I held off on machining a cube-like fusor in the hopes that simulations will give insights on electron/ion behavior and general plasma dynamics. Much of my effort these past several months has been spent on writing a fully collisional, GPU-accelerated, particle-in-cell plasma simulation from scratch. I'm happy to say that after much debugging, the code is almost complete. I'll go much more in depth in the future when everything's done, but here's a very basic outline of how the code works:
- Import CAD model, generate initial electric field, prepare cross-section data
- Initialize all arrays for particle position, velocity, etc... included species: D+, D2+, D3+, D2, D, e
- Move relevant data to the GPU
- In a loop:
- Find collisions of particles with background gas using previous timestep's particle velocities
- Delete particles that reacted, add products
- Move particles using Boris algorithm (will be adding magnetic fields soon)

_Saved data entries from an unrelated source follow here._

Lemma Cphase_perturbation z1 z2 d1 d2 :
  let b := Cmod (z1, z2) in let c := z1 / b in let s := z2 / b in
  let q := c * d2 - s * d1 in
  0 < b -> d1 ^ 2 + d2 ^ 2 <= b ^ 2 / 4 ->
  (b * fst (Cphase (z1 + d1, z2 + d2)) - z1 + q * s) ^ 2 +
  (b * snd (Cphase (z1 + d1, z2 + d2)) - z2 - q * c) ^ 2 <= 8 * (d1 ^ 2 + d2 ^ 2) ^ 2 / b ^ 2.
Proof.
  intros b c s q Hb HD.
  assert (Hb2 : b ^ 2 = z1 ^ 2 + z2 ^ 2) by apply Cmod_sq.
  assert (Hz1 : z1 = b * c) by (unfold c; field; lra).
  assert (Hz2 : z2 = b * s) by (unfold s; field; lra).
  clearbody b c s.
  assert (Hcs : c ^ 2 + s ^ 2 = 1).
  { assert (b ^ 2 * (c ^ 2 + s ^ 2 - 1) = 0) by (rewrite Hz1, Hz2 in Hb2; nra).
    apply Rmult_integral in H. destruct H; nra. }
  set (p := c * d1 + s * d2).
  assert (HpqD : p ^ 2 + q ^ 2 = d1 ^ 2 + d2 ^ 2).
  { enough (p ^ 2 + q ^ 2 - (d1 ^ 2 + d2 ^ 2) = (d1 ^ 2 + d2 ^ 2) * (c ^ 2 + s ^ 2 - 1))
      by (rewrite Hcs in H; lra).
    unfold p, q; ring. }
  (* [z + d = (c, s) * (b + p, q)] as complex numbers *)
  assert (Hw1 : z1 + d1 = c * (b + p) - s * q).
  { rewrite Hz1. enough (b * c + d1 - (c * (b + p) - s * q) = d1 * (1 - (c ^ 2 + s ^ 2)))
      by (rewrite Hcs in H; lra). unfold p, q; ring. }
  assert (Hw2 : z2 + d2 = s * (b + p) + c * q).
  { rewrite Hz2. enough (b * s + d2 - (s * (b + p) + c * q) = d2 * (1 - (c ^ 2 + s ^ 2)))
      by (rewrite Hcs in H; lra). unfold p, q; ring. }
  set (r := Cmod (z1 + d1, z2 + d2)).
  assert (Hr2 : r ^ 2 = (b + p) ^ 2 + q ^ 2).
  { unfold r. rewrite Cmod_sq. simpl fst; simpl snd. rewrite Hw1, Hw2.
    enough ((c * (b + p) - s * q) ^ 2 + (s * (b + p) + c * q) ^ 2 - ((b + p) ^ 2 + q ^ 2)
            = ((b + p) ^ 2 + q ^ 2) * (c ^ 2 + s ^ 2 - 1)) by (rewrite Hcs in H; lra).
    ring. }
  assert (Hr0 : 0 <= r) by apply Cmod_ge0.
  rewrite <- HpqD in HD |- *.
  pose proof (polar_perturbation b p q r Hb Hr0 Hr2 HD) as Hpol.
  assert (Hr : 0 < r) by (assert (Hp : p <= b / 2 /\ - (b / 2) <= p) by (split; nra); nra).
  rewrite Cphase_nonzero by (fold r; lra). fold r. simpl fst; simpl snd.
  set (X := b * (b + p) / r - b) in Hpol. set (Y := b * q / r - q) in Hpol.
  replace (b * ((z1 + d1) / r) - z1 + q * s) with (c * X - s * Y)
    by (rewrite Hw1; unfold X, Y; rewrite Hz1; field; lra).
  replace (b * ((z2 + d2) / r) - z2 - q * c) with (s * X + c * Y)
    by (rewrite Hw2; unfold X, Y; rewrite Hz2; field; lra).
  replace ((c * X - s * Y) ^ 2 + (s * X + c * Y) ^ 2) with ((X ^ 2 + Y ^ 2) * (c ^ 2 + s ^ 2))
    by ring.
  rewrite Hcs, Rmult_1_r.
  apply (Rmult_le_reg_r (b ^ 2)); [nra|].
  unfold Rdiv. rewrite Rmult_assoc, Rinv_l by nra. lra.
Qed.
(* Let $d\ge3$ and let $(X_{t,1},\dots,X_{t,d})$, $t=1,\dots,T$, be i.i.d. binary random vectors, each following a determinantal point process with correlation kernel $K_0^*$, where $K_0^*$ is real symmetric with all eigenvalues in $(0,1)$, all entries of $K_0^*$ are nonzero, and $K^*_{0,1i}>0$ for $i=2,\dots,d$. Define the estimator $\widehat{K^*_T}$ (a symmetric matrix) by $\widehat{K^*_{ii}}=\frac1T\sum_{t=1}^T X_{t,i}$; for $i<j$, $\widehat{|K^*_{ij}|}=\sqrt{-\widehat{\mathrm{Cov}}(X_i,X_j)}$ with $-\widehat{\mathrm{Cov}}(X_i,X_j)=\widehat{K^*_{ii}}\widehat{K^*_{jj}}-\frac1T\sum_{t=1}^T X_{t,i}X_{t,j}$; $\widehat{K^*_{1j}}=\widehat{|K^*_{1j}|}$ for $j\ge2$; for $1<i<j\le d$, $\widehat{K^*_{ij}}=\widehat{\mathrm{sgn}}_{ij}\cdot\widehat{|K^*_{ij}|}$, where $$\widehat{\mathrm{sgn}}_{ij}=\mathrm{sgn}\Big(\tfrac1T\textstyle\sum_{t}X_{t,1}X_{t,i}X_{t,j}-\widehat{K^*_{11}}\widehat{K^*_{ii}}\widehat{K^*_{jj}}+\widehat{K^*_{11}}\widehat{|K^*_{ij}|}^2+\widehat{K^*_{ii}}\widehat{|K^*_{1j}|}^2+\widehat{K^*_{jj}}\widehat{|K^*_{1i}|}^2\Big);$$ and $\widehat{K^*_{ji}}=\widehat{K^*_{ij}}$. Then $\widehat{K^*_T}\to K_0^*$ almost surely as $T\to\infty$. In particular, almost surely, for all $T$ large enough: $-\widehat{\mathrm{Cov}}(X_i,X_j)\ge0$ for all $i<j$ (so $\widehat{|K^*_{ij}|}$ is well defined), and $\mathrm{sgn}(\widehat{K^*_{ij}})=\mathrm{sgn}(K^*_{0,ij})$ for all $i,j$.
   Context: A binary random vector $(X_1,\dots,X_d)$ follows a determinantal point process with correlation kernel $K$ if $\mathbb{P}[X_j=1\ \forall j\in s]=\det K_s$ for every $s\subseteq\{1,\dots,d\}$, where $K_s$ is the principal submatrix of $K$ with rows and columns in $s$. $\mathrm{sgn}(x)$ is $1,-1,0$ according as $x>0$, $x<0$, $x=0$. For finitely many $T$ the defining expressions may be undefined (negative quantity under a square root, or zero sign); the value of the estimator on that event is fixed by an arbitrary convention and plays no role in the statement. *)

From HB Require Import structures.
From mathcomp Require Import all_boot all_order all_algebra.
From mathcomp Require Import all_classical all_reals all_analysis.
Set Implicit Arguments. Unset Strict Implicit. Unset Printing Implicit Defensive.
Import Order.TTheory GRing.Theory Num.Theory.
Local Open Scope classical_set_scope.
Local Open Scope ring_scope.

Definition principal_minor (R : comRingType) (d : nat) (K : 'M[R]_d)
  (s : {set 'I_d}) : R :=
  \det (\matrix_(a < #|s|, b < #|s|) K (enum_val a) (enum_val b)).

Definition is_DPP (R : realType) (dT : measure_display) (Omega : measurableType dT)
  (P : probability Omega R) (d : nat) (K : 'M[R]_d) (Y : Omega -> 'I_d -> bool) :=
  forall s : {set 'I_d},
    P [set w | forall j, j \in s -> Y w j] = (principal_minor K s)%:E.

Definition mutually_independent (R : realType) (dT : measure_display)
  (Omega : measurableType dT) (P : probability Omega R) (d : nat)
  (X : nat -> Omega -> 'I_d -> bool) :=
  forall (s : seq nat) (A : nat -> set ('I_d -> bool)), uniq s ->
    fine (P (\big[setI/setT]_(t <- s) (X t @^-1` A t)))
    = \prod_(t <- s) fine (P (X t @^-1` A t)).

Section Estimator.
Variables (R : realType) (Omega : Type) (d : nat).
Variable X : nat -> Omega -> 'I_d -> bool.

(* the sample uses X 0, ..., X (T-1) *)
Definition mean1 (T : nat) (w : Omega) (i : 'I_d) : R :=
  (\sum_(t < T) (X t w i)%:R) / T%:R.
Definition mean2 (T : nat) (w : Omega) (i j : 'I_d) : R :=
  (\sum_(t < T) (X t w i && X t w j)%:R) / T%:R.
Definition mean3 (T : nat) (w : Omega) (i j k : 'I_d) : R :=
  (\sum_(t < T) [&& X t w i, X t w j & X t w k]%:R) / T%:R.

Definition negcov T w i j : R := mean1 T w i * mean1 T w j - mean2 T w i j.

(* \hat |K_ij| (Num.sqrt of a negative number is 0: arbitrary convention) *)
Definition absK T w i j : R := Num.sqrt (negcov T w i j).

(* \hat sgn_ij, using the index 0 (= the paper's index 1) *)
Definition sgnhat (i0 : 'I_d) T w (i j : 'I_d) : R :=
  Num.sg (mean3 T w i0 i j - mean1 T w i0 * mean1 T w i * mean1 T w j
          + mean1 T w i0 * absK T w i j ^+ 2
          + mean1 T w i * absK T w i0 j ^+ 2
          + mean1 T w j * absK T w i0 i ^+ 2).

Definition Kupper T w (i j : 'I_d) : R :=
  if val i == 0%N then absK T w i j
  else sgnhat (Ordinal (leq_ltn_trans (leq0n i) (ltn_ord i))) T w i j * absK T w i j.

Definition Khat T w : 'M[R]_d :=
  \matrix_(i, j) (if i == j then mean1 T w i
                  else if (val i < val j)%N then Kupper T w i j
                  else Kupper T w j i).
End Estimator.

From HB Require Import structures.
From mathcomp Require Import all_boot all_order all_algebra.
From mathcomp Require Import all_classical all_reals all_analysis.
From mathcomp Require Import ring lra.
Import Order.TTheory GRing.Theory Num.Theory.
Import numFieldTopology.Exports numFieldNormedType.Exports.
Set Implicit Arguments. Unset Strict Implicit. Unset Printing Implicit Defensive.
Local Open Scope classical_set_scope.
Local Open Scope ring_scope.

(* The entries of the estimator are continuous functions of the empirical
   frequencies of the events {X_j = 1 for all j in s}, |s| <= 3, whose
   probabilities are the principal minors det K_s.  These frequencies converge
   almost surely by the strong law of large numbers for i.i.d. Bernoulli
   sequences, obtained from the fourth-moment bound E (S_n - n p)^4 <= 3 n^2,
   Markov's inequality and Borel-Cantelli.  Hence -Cov(X_i, X_j) tends to
   K_ij^2, and the statistic inside sgn_ij tends to
   det K_{1ij} - K_11 K_ii K_jj + K_11 K_ij^2 + K_ii K_1j^2 + K_jj K_1i^2
   = 2 K_1i K_ij K_1j, which has the sign of K_ij because the first row of K
   is positive.  All limits being nonzero, the signs eventually stabilise. *)

Lemma prodr_exp_count (R : comPzSemiRingType) (I : finType) (r : seq I) (F : I -> R) :
  \prod_i F i ^+ count_mem i r = \prod_(i <- r) F i.
Proof.
rewrite -[RHS]prodr_undup_exp_count (big_uniq _ (undup_uniq r)).
rewrite [LHS](bigID (mem r)) /= [X in _ * X]big1 ?mulr1.
  by apply: eq_bigl => i; rewrite mem_undup.
by move=> i /count_memPn ->.
Qed.

Definition paired (I : eqType) (a b c e : I) : bool :=
  [|| (a == b) && (c == e), (a == c) && (b == e) | (a == e) && (b == c)].

Lemma paired_of_no_singleton (I : eqType) (a b c e : I) :
  (forall t, count_mem t [:: a; b; c; e] != 1%N) -> paired a b c e.
Proof.
move=> H; move: (H a) (H b) (H c) (H e); rewrite /paired /= !eqxx.
rewrite [b == a]eq_sym [c == a]eq_sym [c == b]eq_sym.
rewrite [e == a]eq_sym [e == b]eq_sym [e == c]eq_sym.
case: (a =P b) => ab; case: (a =P c) => ac; case: (a =P e) => ae;
  case: (b =P c) => bc; case: (b =P e) => be; case: (c =P e) => ce //=; congruence.
Qed.

Lemma expand_exp4 (R : comPzSemiRingType) (I : finType) (F : I -> R) :
  (\sum_i F i) ^+ 4 = \sum_a \sum_b \sum_c \sum_e \prod_(i <- [:: a; b; c; e]) F i.
Proof.
rewrite !exprS expr0 mulr1 mulr_suml; apply: eq_bigr => a _.
rewrite mulr_suml mulr_sumr; apply: eq_bigr => b _.
rewrite mulr_suml !mulr_sumr; apply: eq_bigr => c _.
rewrite !mulr_sumr; apply: eq_bigr => e _.
by rewrite !big_cons big_nil mulr1.
Qed.

Section BernoulliMoments.
Variables (R : realFieldType) (p : R).
Hypotheses (p_ge0 : 0 <= p) (p_le1 : p <= 1).

Definition bernoulli_mass (b : bool) : R := if b then p else 1 - p.
Definition centered (b : bool) : R := b%:R - p.
Definition product_mass n (z : {ffun 'I_n -> bool}) : R :=
  \prod_(t < n) bernoulli_mass (z t).
Definition centered_moment k : R := \sum_b bernoulli_mass b * centered b ^+ k.

Lemma bernoulli_mass_ge0 b : 0 <= bernoulli_mass b.
Proof. by case: b; rewrite /= ?subr_ge0. Qed.

Lemma product_mass_ge0 n (z : {ffun 'I_n -> bool}) : 0 <= product_mass z.
Proof. by apply: prodr_ge0 => t _; exact: bernoulli_mass_ge0. Qed.

Lemma expect_prod n (h : 'I_n -> bool -> R) :
  \sum_(z : {ffun 'I_n -> bool}) product_mass z * \prod_t h t (z t)
  = \prod_t \sum_b bernoulli_mass b * h t b.
Proof. by rewrite bigA_distr_bigA; apply: eq_bigr => z _; rewrite -big_split. Qed.

Lemma sum_centered n (z : 'I_n -> bool) :
  \sum_(t < n) centered (z t) = \sum_(t < n) (z t)%:R - n%:R * p.
Proof. by rewrite sumrB sumr_const card_ord mulr_natl. Qed.

Lemma centered_moment1 : centered_moment 1 = 0.
Proof. by rewrite /centered_moment big_bool /= /centered /=; ring. Qed.

Lemma norm_centered_le1 b : `|centered b| <= 1.
Proof.
rewrite /centered; case: b => /=.
  by rewrite ger0_norm ?subr_ge0 // gerBl.
by rewrite sub0r normrN ger0_norm.
Qed.

Lemma norm_centered_moment_le1 k : `|centered_moment k| <= 1.
Proof.
rewrite /centered_moment big_bool /=; apply: le_trans (ler_normD _ _) _.
have bound b : `|bernoulli_mass b * centered b ^+ k| <= bernoulli_mass b.
  rewrite normrM normrX ger0_norm ?bernoulli_mass_ge0 // ler_piMr ?bernoulli_mass_ge0 //.
  by rewrite exprn_ile1 ?norm_centered_le1.
by apply: le_trans (lerD (bound true) (bound false)) _; rewrite /= addrC subrK.
Qed.

Definition pairing_weight (I : eqType) (a b c e : I) : R :=
  (a == b)%:R * (c == e)%:R + (a == c)%:R * (b == e)%:R + (a == e)%:R * (b == c)%:R.

Lemma pairing_weight_ge1 (I : eqType) (a b c e : I) :
  paired a b c e -> 1 <= pairing_weight a b c e.
Proof.
rewrite /pairing_weight -!natrM -!natrD ler1n.
by case/or3P => /andP[/eqP-> /eqP->]; rewrite !eqxx /= !addn_gt0 ?orbT.
Qed.

Lemma expect_centered_prod4 n (a b c e : 'I_n) :
  \sum_(z : {ffun 'I_n -> bool})
     product_mass z * \prod_(i <- [:: a; b; c; e]) centered (z i)
  <= pairing_weight a b c e.
Proof.
have -> : \sum_(z : {ffun 'I_n -> bool})
     product_mass z * \prod_(i <- [:: a; b; c; e]) centered (z i)
   = \prod_t centered_moment (count_mem t [:: a; b; c; e]).
  rewrite -expect_prod; apply: eq_bigr => z _.
  by rewrite -prodr_exp_count.
have weight_ge0 : 0 <= pairing_weight a b c e by rewrite !addr_ge0 ?mulr_ge0.
have [abce|unpaired] := boolP (paired a b c e).
  apply: le_trans (ler_norm _) _; rewrite normr_prod.
  apply: le_trans (_ : 1 <= _).
    by apply: prodr_ile1 => t _; rewrite normr_ge0 norm_centered_moment_le1.
  exact: pairing_weight_ge1.
have /existsP[t /eqP single] : [exists t, count_mem t [:: a; b; c; e] == 1%N].
  apply: contraNT unpaired => /existsPn none.
  by apply: paired_of_no_singleton => t; exact: none.
by rewrite (bigD1 t) // single centered_moment1 /= mul0r.
Qed.
Theorem theorem1p6 (Rs : R) (HRs : 0 < Rs < 1)
  (HRs_root : 3 * Rs ^ 3 - 5 * Rs ^ 2 - 3 * Rs + 1 = 0) :
  (forall (a : nat -> oct) (a0 : R),
      slice_regular_ball a -> maps_into_Pi a ->
      a 0%nat = oreal a0 -> 0 <= a0 < 1 ->
      forall x : oct, onorm x < 1 -> onorm x <= Rs -> Rbar_le (Ef a a0 x) 1)
  /\
  (forall r : R, Rs < r < 1 ->
     exists (a : nat -> oct) (a0 : R),
       slice_regular_ball a /\ maps_into_Pi a /\
       a 0%nat = oreal a0 /\ 0 <= a0 < 1 /\
       exists x : oct, onorm x = r /\ Rbar_lt 1 (Ef a a0 x)).
Proof.
  split.
  - intros a a0 Hsr Hpi Ha0 Ha x Hx HxRs.
    apply Rbar_le_trans with (a0 + (1 - a0) * bohr_majorant (onorm x)).
    + apply Ef_le_bohr_majorant; try assumption.
      intros k Hk; apply (slice_regular_coef_bound a); assumption.
    + generalize (bohr_majorant_le1 Rs (onorm x) HRs HRs_root (conj (onorm_ge0 x) HxRs)).
      simpl; nra.
  - intros r Hr; exists extremal_coef, 0.
    split; [apply extremal_slice_regular|]; split; [apply extremal_maps_into_Pi|].
    split; [reflexivity|]; split; [lra|].
    exists (oreal r); split; [rewrite onorm_oreal; apply Rabs_pos_eq; lra|].
    rewrite Ef_extremal by lra; apply (bohr_majorant_gt1 Rs); assumption.
Qed.
Lemma inf_le_ge0 (E : set R) x : (forall y, E y -> 0 <= y) -> E x -> inf E <= x.
Proof. by move=> Ege0; apply: ge_inf; exists 0 => y /Ege0. Qed.

Lemma alpha_le V A B : (V `<=` A)%fset -> (V `<=` B)%fset -> V != fset0 ->
  alpha R V <= cardR R (sumset A B) / Num.sqrt (cardR R A * cardR R B).
Proof.
move=> VA VB V0; apply: inf_le_ge0 => [_ [A' [B' [_ _ _ _ ->]]]|].
  by rewrite divr_ge0 ?sqrtr_ge0.
by exists A, B; split; rewrite ?(fsubset_neq0 VA) ?(fsubset_neq0 VB).
Qed.

Lemma alpha'_le V Z W : (V `<=` Z)%fset -> (V `<=` W)%fset -> V != fset0 ->
  #|` Z| = #|` W| -> alpha' R V <= cardR R (sumset Z W) / cardR R Z.
Proof.
move=> VZ VW V0 ZW; apply: inf_le_ge0 => [_ [A' [B' [_ _ _ _ [_ ->]]]]|].
  by rewrite divr_ge0.
by exists Z, W; split; rewrite ?(fsubset_neq0 VZ) ?(fsubset_neq0 VW).
Qed.

Lemma alpha''_le V Z : (V `<=` Z)%fset -> V != fset0 ->
  alpha'' R V <= cardR R (sumset Z Z) / cardR R Z.
Proof.
move=> VZ V0; apply: inf_le_ge0 => [_ [A' [_ _ ->]]|]; first by rewrite divr_ge0.
by exists Z; split; rewrite ?(fsubset_neq0 VZ).
Qed.

Lemma beta_le V A B : A != fset0 -> B != fset0 ->
  beta R V <= cardR R (sumset (sumset A B) V) / Num.sqrt (cardR R A * cardR R B).
Proof.
move=> A0 B0; apply: inf_le_ge0 => [_ [A' [B' [_ _ ->]]]|].
  by rewrite divr_ge0 ?sqrtr_ge0.
by exists A, B.
Qed.
(* Let $\mathcal{T}$ be an MPQ-tree of an interval graph $G=(V,E)$, and let $x\ne y$ with $node(x)=node(y)=Q$ a Q-node with sections $S_1,\dots,S_k$. Suppose $x$ and $y$ have exactly one common section $S_i$ in $Q$, and the set $V_i$ of vertices of the subtree $T_i$ induces a clique in $G$ (possibly $V_i=\emptyset$). Then $(x,y)$ is an interval edge.
   Context: Graphs are finite and simple; for $G=(V,E)$ and $e\in E$, $G-e=(V,E\setminus\{e\})$. An edge $(x,y)\in E$ of an interval graph $G$ is an interval edge if $G-(x,y)$ is an interval graph. An MPQ-tree of an interval graph $G=(V,E)$, $V=\{1,\dots,n\}$, is a rooted plane tree whose nodes are P-nodes and Q-nodes. Each P-node carries a (possibly empty) set of vertices. A Q-node has $k\ge 3$ ordered positions $1,\dots,k$; position $i$ carries a set $S_i\subseteq V$ (the $i$-th section) and a child subtree $T_i$, which may be empty. Every vertex $v$ is assigned to exactly one node $node(v)$: either $v$ lies in the set of the P-node $node(v)$, or $node(v)$ is a Q-node and $v$ lies exactly in the sections $S_{l(v)},\dots,S_{r(v)}$ of it, with $l(v)<r(v)$. For a node with child subtrees $T_1,\dots,T_k$, $V_i$ denotes the set of vertices assigned to nodes of $T_i$ ($V_i=\emptyset$ if $T_i$ is empty). The maximal cliques of $G$ are in bijection with the descending paths from the root which at a P-node continue into one of its children (stopping if there is none) and at a Q-node choose a position $i$ and continue into $T_i$ (stopping if $T_i$ is empty); the clique is the union of the sets of the visited P-nodes and the chosen sections. Reading these cliques left to right gives a linear order of the maximal cliques, and the orders obtained this way after arbitrarily permuting children of P-nodes and reversing the positions of Q-nodes are exactly the orders of the maximal cliques of $G$ in which the cliques containing any fixed vertex are consecutive. Moreover, for every Q-node with sections $S_1,\dots,S_k$: (a) $V_1\neq\emptyset$ and $V_k\ne\emptyset$; (b) $S_1\subseteq S_2$ and $S_k\subseteq S_{k-1}$; (c) $S_{i-1}\cap S_i\neq\emptyset$ for $2\le i\le k$; (d) $S_{i-1}\neq S_i$ for $2\le i\le k$; (e) $(S_i\cap S_{i+1})\setminus S_1\neq\emptyset$ and $(S_{i-1}\cap S_i)\setminus S_k\neq\emptyset$ for $2\le i\le k-1$; (f) $(S_{i-1}\cup V_{i-1})\setminus S_i\neq\emptyset$ and $(S_i\cup V_i)\setminus S_{i-1}\neq\emptyset$ for $2\le i\le k$; and further (g) no empty P-node has an empty P-node as its parent, (h) no P-node has exactly one child whose root is a P-node, (i) every child subtree of a P-node is nonempty. *)

From mathcomp Require Import all_boot.
Set Implicit Arguments. Unset Strict Implicit. Unset Printing Implicit Defensive.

- Delete particles that impact the cathode and chamber
- Add secondary electrons from ions that impact the cathode
- Find particle densities, charge densities on the simulation grid
- Compute space charge and new electric field
- Compute the fusion rate using energy-binned particle densities
- Repeat indefinitely, or until some criterion is met
The results are in good agreement with other simulations and measurements. Central ion densities are on the order of 1e15/m^3 and computed fusion rates are ~1e6/s - 1e7/s. As expected, the vast majority of fusion reactions are beam-background and fast neutral-background, with the total contribution of beam-beam being a negligible ~0.0001% of the total. Further crushing hopes of recirculation in standard fusors, in the 10 - 50mtorr range the mean free path of D+, D2+, and D3+ ions is abysmal at a few cm.